The statistical examination of a body of data is thus logically similar to the general alternation of inductive and deductive methods throughout the sciences. A hypothesis is conceived and defined with all necessary exactitude; its logical consequences are ascertained by a deductive argument; these consequences are compared with the available observations; if these are completely in accord with the deductions, the hypothesis is justified at least until fresh and more stringent observations are available. The author has attempted a fuller examination of the logic of planned experimentation in his book, The Design of Experiments.
The deduction of inferences respecting samples, from assumptions respecting the populations from which they are drawn, shows us the position in Statistics of the classical Theory of Probability. For a given population we may calculate the probability with which any given sample will occur, and if we can solve the purely mathematical problem presented, we can, calculate the probability of occurrence of any given statistic calculated from such a sample. The problems of distribution may in fact be regarded as applications and extensions of the theory of probability. Three of the distributions with which we shall be concerned, Bernoulli's binomial distribution, Laplace's normal distribution, and Poisson's series, were developed by writers on probability. For many years, extending over a century and a half, attempts were made to extend the domain of the idea of probability to the deduction of inferences respecting populations from assumptions (or observations) respecting samples. Such inferences are usually distinguished under the heading of inverse Probability, and have at times gained wide acceptance. This is not the place to enter into the subtleties of a prolonged controversy; it will be sufficient in this general outline of the scope of Statistical Science to reaffirm my personal conviction, which I have sustained elsewhere, that the theory of inverse probability is founded upon an error, and must be wholly rejected. Inferences respecting populations, from which known samples have been drawn, cannot by this method be expressed in terms of probability, except in the trivial case when the population is itself a sample of a superpopulation the specification of which is known with accuracy.
The probabilities established by those tests of significance, which we shall later designate by t and z, are, however, entirely distinct from statements of inverse probability, and are free from the objections which apply to these latter. Their interpretation as probability statements respecting populations constitute an application unknown to the classical writers on probability. To distinguish such statements as to the probability of causes from the earlier attempts now discarded, they are known as statements of Fiducial Probability.
The rejection of the theory of inverse probability was for a time wrongly taken to imply that we cannot draw, from knowledge of a sample, inferences respecting the corresponding population.

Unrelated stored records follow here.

Lemma succ_total x y : x \in K -> y \in K -> x != y -> ~~ succ x y -> succ y x.
Proof. by move=> xK yK /(ordK.2.2 x y xK yK)/orP[->|]. Qed.

Lemma succ_max_exists (F : {set {set V}}) : F \subset K -> F != set0 ->
  exists2 f, f \in F & forall g, g \in F -> g != f -> succ f g.
Proof.
move=> FK /set0Pn[f0 f0F].
pose above f := #|[set g in F | succ g f]|.
have [f fF fmin] := arg_minnP above f0F.
exists f => // g gF gf; have fK := subsetP FK f fF; have gK := subsetP FK g gF.
apply: contraTT (fmin g gF) => fg; rewrite -ltnNge /above.
have gf' : succ g f by apply: succ_total fK gK _ fg; rewrite eq_sym.
apply/proper_card/properP; split.
  apply/subsetP => h; rewrite !inE => /andP[hF hg]; rewrite hF.
  exact: succ_trans (subsetP FK h hF) gK fK hg gf'.
by exists g; rewrite !inE ?gF ?gf' // (negbTE (succ_irr gK)).
Qed.

End StrictTotalOrder.

Section Mu.
Variables (V : finType) (K : {set {set V}}) (succ : rel {set V}).
Hypotheses (complexK : simplicial_complex K) (herK : hereditary K succ).
Let ordK : strict_total_order_on K succ := herK.1.
Implicit Types s t f w y rho A X Y : {set V}.

Lemma face_in s t : s \in K -> t \subset s -> t \in K.
Proof. exact: complexK.2. Qed.

Lemma facet_in s t : s \in K -> facet t s -> t \in K.
Proof. by move=> sK /facet_sub; apply: face_in. Qed.

Lemma mu_spec s : s \in K -> s != set0 ->
  facet (mu succ s) s /\ forall f, facet f s -> f != mu succ s -> succ (mu succ s) f.
Proof.
move=> sK /set0Pn[x xs].
have FK : [set f | facet f s] \subset K.
  by apply/subsetP => f; rewrite inE; apply: facet_in.
have Fn : [set f | facet f s] != set0.
  by apply/set0Pn; exists (s :\ x); rewrite inE facetD1.
have [f] := succ_max_exists ordK FK Fn; rewrite inE => fs fmax.
rewrite /mu; case: pickP => [t /andP[ts /forallP tmax]|].
  by split=> // g gs gt; have := tmax g; rewrite gs gt.
move/(_ f); rewrite fs /= => /negbT/negP[].
apply/forallP => g; apply/implyP => /andP[gs gf].
by apply: fmax; rewrite ?inE.
Qed.

Lemma mu_facet s : s \in K -> s != set0 -> facet (mu succ s) s.
Proof. by move=> sK sn; have [] := mu_spec sK sn. Qed.

Lemma mu_max s f : s \in K -> s != set0 ->
  facet f s -> f != mu succ s -> succ (mu succ s) f.
Proof. by move=> sK sn; have [_] := mu_spec sK sn; apply. Qed.

Lemma mu_in s : s \in K -> s != set0 -> mu succ s \in K.
Proof. by move=> sK sn; apply: facet_in sK (mu_facet sK sn). Qed.

Lemma mu_monotone s t : s \in K -> t \in K -> s != set0 -> t != set0 ->
  succ s t -> mu succ s = mu succ t \/ succ (mu succ s) (mu succ t).
Proof.
move=> sK tK sn tn st.
have [->|ne] := eqVneq (mu succ s) (mu succ t); [by left | right].
apply: (succ_total ordK (mu_in tK tn) (mu_in sK sn)); first by rewrite eq_sym.
by apply/negP => /(herK.2.2 _ _ tK sK tn sn); exact: (succ_asym ordK sK tK st).
Qed.

Definition exchange_max (rho A : {set V}) :=
  forall z a, z \in rho -> a \in A -> succ rho (a |: (rho :\ z)).

Lemma mu_exchange s a z : s \in K -> a \in s -> mu succ s = s :\ a ->
  z \in mu succ s -> succ (mu succ s) (a |: (mu succ s :\ z)).
Proof.
move=> sK as_ muE zmu.
have sn : s != set0 by apply/set0Pn; exists a.
have /setD1P[za zs] : z \in s :\ a by rewrite -muE.
have -> : a |: (mu succ s :\ z) = s :\ z.
  apply/setP => x; rewrite muE !inE.
  by case: (eqVneq x a) => [->|] //=; rewrite eq_sym za.
apply: mu_max sK sn (facetD1 zs) _; rewrite muE.
by apply/eqP => /setP/(_ a); rewrite !inE eqxx as_ eq_sym za.
Qed.
(* Let $n\ge3$ and $m,k\ge1$ be integers, let $t,u\in\mathbb{Z}_n$ with $t^2\equiv u\pmod n$, and let $G$ be the set of all $m\times k$ matrices over $\mathbb{Z}_n$ with the operation $[a_{ij}]*[b_{ij}]=[(t a_{ij}+u b_{ij})\bmod n]$. Then $(G,* )$ is a transitively commutative AG-groupoid.
   Context: An AG-groupoid is a set with a binary operation satisfying $(a*b)*c=(c*b)*a$ for all $a,b,c$. An AG-groupoid $G$ is transitively commutative if for all $a,b,c\in G$, $a*b=b*a$ and $b*c=c*b$ imply $a*c=c*a$. *)

From mathcomp Require Import all_boot all_order all_algebra.
Set Implicit Arguments. Unset Strict Implicit. Unset Printing Implicit Defensive.
Import GRing.Theory.
Local Open Scope ring_scope.

Definition AG_groupoid (T : Type) (op : T -> T -> T) : Prop :=
  forall a b c : T, op (op a b) c = op (op c b) a.

Definition trans_commutative (T : Type) (op : T -> T -> T) : Prop :=
  forall a b c : T, op a b = op b a -> op b c = op c b -> op a c = op c a.

(* The operation on m x k matrices over Z_n: [a_ij]*[b_ij] = [t a_ij + u b_ij mod n].
   Arithmetic in 'Z_n is already reduction mod n. *)
Definition affine_op (n m k : nat) (t u : 'Z_n) (A B : 'M['Z_n]_(m, k)) : 'M['Z_n]_(m, k) :=
  \matrix_(i < m, j < k) (t * A i j + u * B i j).

From mathcomp Require Import all_boot all_order all_algebra.
From mathcomp Require Import ring.
Local Open Scope ring_scope.
Import GRing.Theory.

(* Left invertivity needs exactly t^2 = u, and
   x and y commute iff (t - u)(x - y) = 0; the latter condition is linear in
   x - y, hence transitive. *)

Section AffineRing.
Variables (R : comPzRingType) (t u : R).

Lemma affine_left_invertive (x y z : R) : t ^+ 2 = u ->
  t * (t * x + u * y) + u * z = t * (t * z + u * y) + u * x.
Proof. by move=> <-; ring. Qed.

Lemma affine_comm_diff (x y : R) :
  (t * x + u * y) - (t * y + u * x) = (t - u) * (x - y).
Proof. by ring. Qed.

Lemma affine_comm_diff_trans (x y z : R) :
  (t - u) * (x - y) = 0 -> (t - u) * (y - z) = 0 -> (t - u) * (x - z) = 0.
Proof.
move=> exy eyz; have -> : x - z = (x - y) + (y - z) by ring.
by rewrite mulrDr exy eyz addr0.
Qed.

End AffineRing.

Section AffineMatrix.
Variables (n m k : nat) (t u : 'Z_n).

Lemma affine_op_AG_groupoid : t ^+ 2 = u -> AG_groupoid (@affine_op n m k t u).
Proof.
by move=> tu A B C; apply/matrixP => i j; rewrite !mxE affine_left_invertive.
Qed.

Lemma affine_op_commP (A B : 'M['Z_n]_(m, k)) :
  affine_op t u A B = affine_op t u B A <->
  forall i j, (t - u) * (A i j - B i j) = 0.
Proof.
split=> [/matrixP AB i j | AB].
  by rewrite -affine_comm_diff; have := AB i j; rewrite !mxE => ->; rewrite subrr.
apply/matrixP => i j; rewrite !mxE; apply/eqP.
by rewrite -subr_eq0 affine_comm_diff AB.
Qed.

Lemma affine_op_trans_commutative : trans_commutative (@affine_op n m k t u).
Proof.
move=> A B C /affine_op_commP AB /affine_op_commP BC; apply/affine_op_commP.
by move=> i j; exact: affine_comm_diff_trans (AB i j) (BC i j).
Qed.

End AffineMatrix.

Theorem mainTheorem6 (n m k : nat) (t u : 'Z_n) :
  (3 <= n)%N -> (1 <= m)%N -> (1 <= k)%N -> t ^+ 2 = u ->
  AG_groupoid (@affine_op n m k t u) /\ trans_commutative (@affine_op n m k t u).
Proof.
move=> _ _ _ tu.
by split; [exact: affine_op_AG_groupoid | exact: affine_op_trans_commutative].
Qed.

Such a view would entirely deny validity to all experimental science. What has now appeared is that the mathematical concept of probability is, in most cases, inadequate to express our mental confidence or diffidence in making such inferences, and that the mathematical quantity which appears to be appropriate for measuring our order of preference among different possible populations does not in fact obey the laws of probability. To distinguish it from probability, I have used the term "Likelihood" to designate this quantity [A more special application of the likelihood is its use, under the name of "power function," for comparing the sensitiveness, in some chosen respect, of different possible tests of significance.]; since both the words "likelihood" and "probability" are loosely used in common speech to cover both kinds of relationship.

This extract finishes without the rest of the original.